ROCm / apex

A PyTorch Extension: Tools for easy mixed precision and distributed training in Pytorch
BSD 3-Clause "New" or "Revised" License
17 stars 14 forks source link

The failing unit tests in test_transducer_joint.py #89

Open hubertlu-tw opened 2 years ago

hubertlu-tw commented 2 years ago

The above four unit tests with "dropout" failed with the following error messages:

Traceback (most recent call last):
  File "/apex/apex/contrib/test/transducer/test_transducer_joint.py", line 149, in test_transducer_joint_pack_relu_dropout
    self.run_transducer_joint(for_vector_kernel=False, pack_output=True, relu=True, dropout=True)
  File "/apex/apex/contrib/test/transducer/test_transducer_joint.py", line 109, in run_transducer_joint
    mask=mask if dropout else None)
  File "/apex/apex/contrib/test/transducer/transducer_ref.py", line 94, in transducer_joint_reference
    h.backward(h_grad)
  File "/opt/conda/lib/python3.7/site-packages/torch/_tensor.py", line 402, in backward
    torch.autograd.backward(self, gradient, retain_graph, create_graph, inputs=inputs)
  File "/opt/conda/lib/python3.7/site-packages/torch/autograd/__init__.py", line 193, in backward
    allow_unreachable=True, accumulate_grad=True)  # Calls into the C++ engine to run the backward pass
RuntimeError: one of the variables needed for gradient computation has been modified by an inplace operation: [torch.cuda.HalfTensor [4, 101, 25, 509]], which is output 0 of ReluBackward0, is at version 2; expected version 0 instead. Hint: enable anomaly detection to find the operation that failed to compute its gradient, with torch.autograd.set_detect_anomaly(True).
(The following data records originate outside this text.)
Lemma nested_intervals_meet (J : nat -> R -> Prop) :
  (forall j t, J (S j) t -> J j t) ->
  (forall j, exists l u, forall t, J j t <-> interval l u t) ->
  (forall j, exists t, J j t) ->
  exists t, forall j, J j t.
Proof.
  intros Hnest Hint Hne.
  set (lower := fun s => exists j, forall t, J j t -> s <= t).
  assert (Hup : forall j l u, (forall t, J j t <-> interval l u t) -> is_upper_bound lower u).
  { intros j l u Hj s [i Hi]; destruct (Hne (max i j)) as [t Ht].
    apply Rle_trans with t.
    - apply Hi, (nested_le J Hnest i (max i j)); auto; lia.
    - apply Hj, (nested_le J Hnest j (max i j)); auto; lia. }
  destruct (Hint 0%nat) as [l0 [u0 H0]].
  destruct (completeness lower) as [s [Hs_ub Hs_lub]].
  - exists u0; eapply Hup; eauto.
  - exists l0, 0%nat; intros t Ht; apply H0 in Ht; apply Ht.
  - exists s; intros j; destruct (Hint j) as [l [u Hj]]; apply Hj; split.
    + apply Hs_ub; exists j; intros t Ht; apply Hj in Ht; apply Ht.
    + apply Hs_lub; eapply Hup; eauto.
Qed.

Lemma bigcap_meets_halflines lo hi (I : nat -> rset) hs :
  (forall j, closed_subinterval lo hi (I j)) ->
  (forall j t, I (S j) t -> I j t) ->
  (forall j, exists t, I j t /\ halflines hs t) ->
  exists t, bigcap I t /\ halflines hs t.
Proof.
  intros Hcl Hnest Hmeet.
  destruct (nested_intervals_meet (fun j t => I j t /\ halflines hs t)) as [t Ht].
  - intros j t [Hi Hh]; auto.
  - intros j; destruct (Hcl j) as [Hempty|[l [u [_ [_ [_ Hj]]]]]].
    + destruct (Hmeet j) as [t [Ht _]]; destruct (Hempty t Ht).
    + destruct (interval_inter_halflines l u hs) as [l' [u' H]].
      exists l', u'; intros t; rewrite <- H, Hj; reflexivity.
  - exact Hmeet.
  - exists t; split; [intros j; apply Ht|apply (Ht 0%nat)].
Qed.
The above unit test failed with the following error messages:

Traceback (most recent call last):
  File "/apex/apex/contrib/test/transducer/test_transducer_joint.py", line 137, in test_transducer_joint_pack_relu
    self.run_transducer_joint(for_vector_kernel=False, pack_output=True, relu=True, dropout=False)
  File "/apex/apex/contrib/test/transducer/test_transducer_joint.py", line 115, in run_transducer_joint
    self.assertTrue(torch.allclose(f_grad_ref, f_grad_tst, atol=1e-5, rtol=1e-5))
AssertionError: False is not true

They are not reproducible with the docker (rocm/pytorch:latest == rocm5.2_ubuntu20.04_py3.7_pytorch_staging) locally. We may need to set them as flaky tests in the future or adjust the tolerance for ROCm.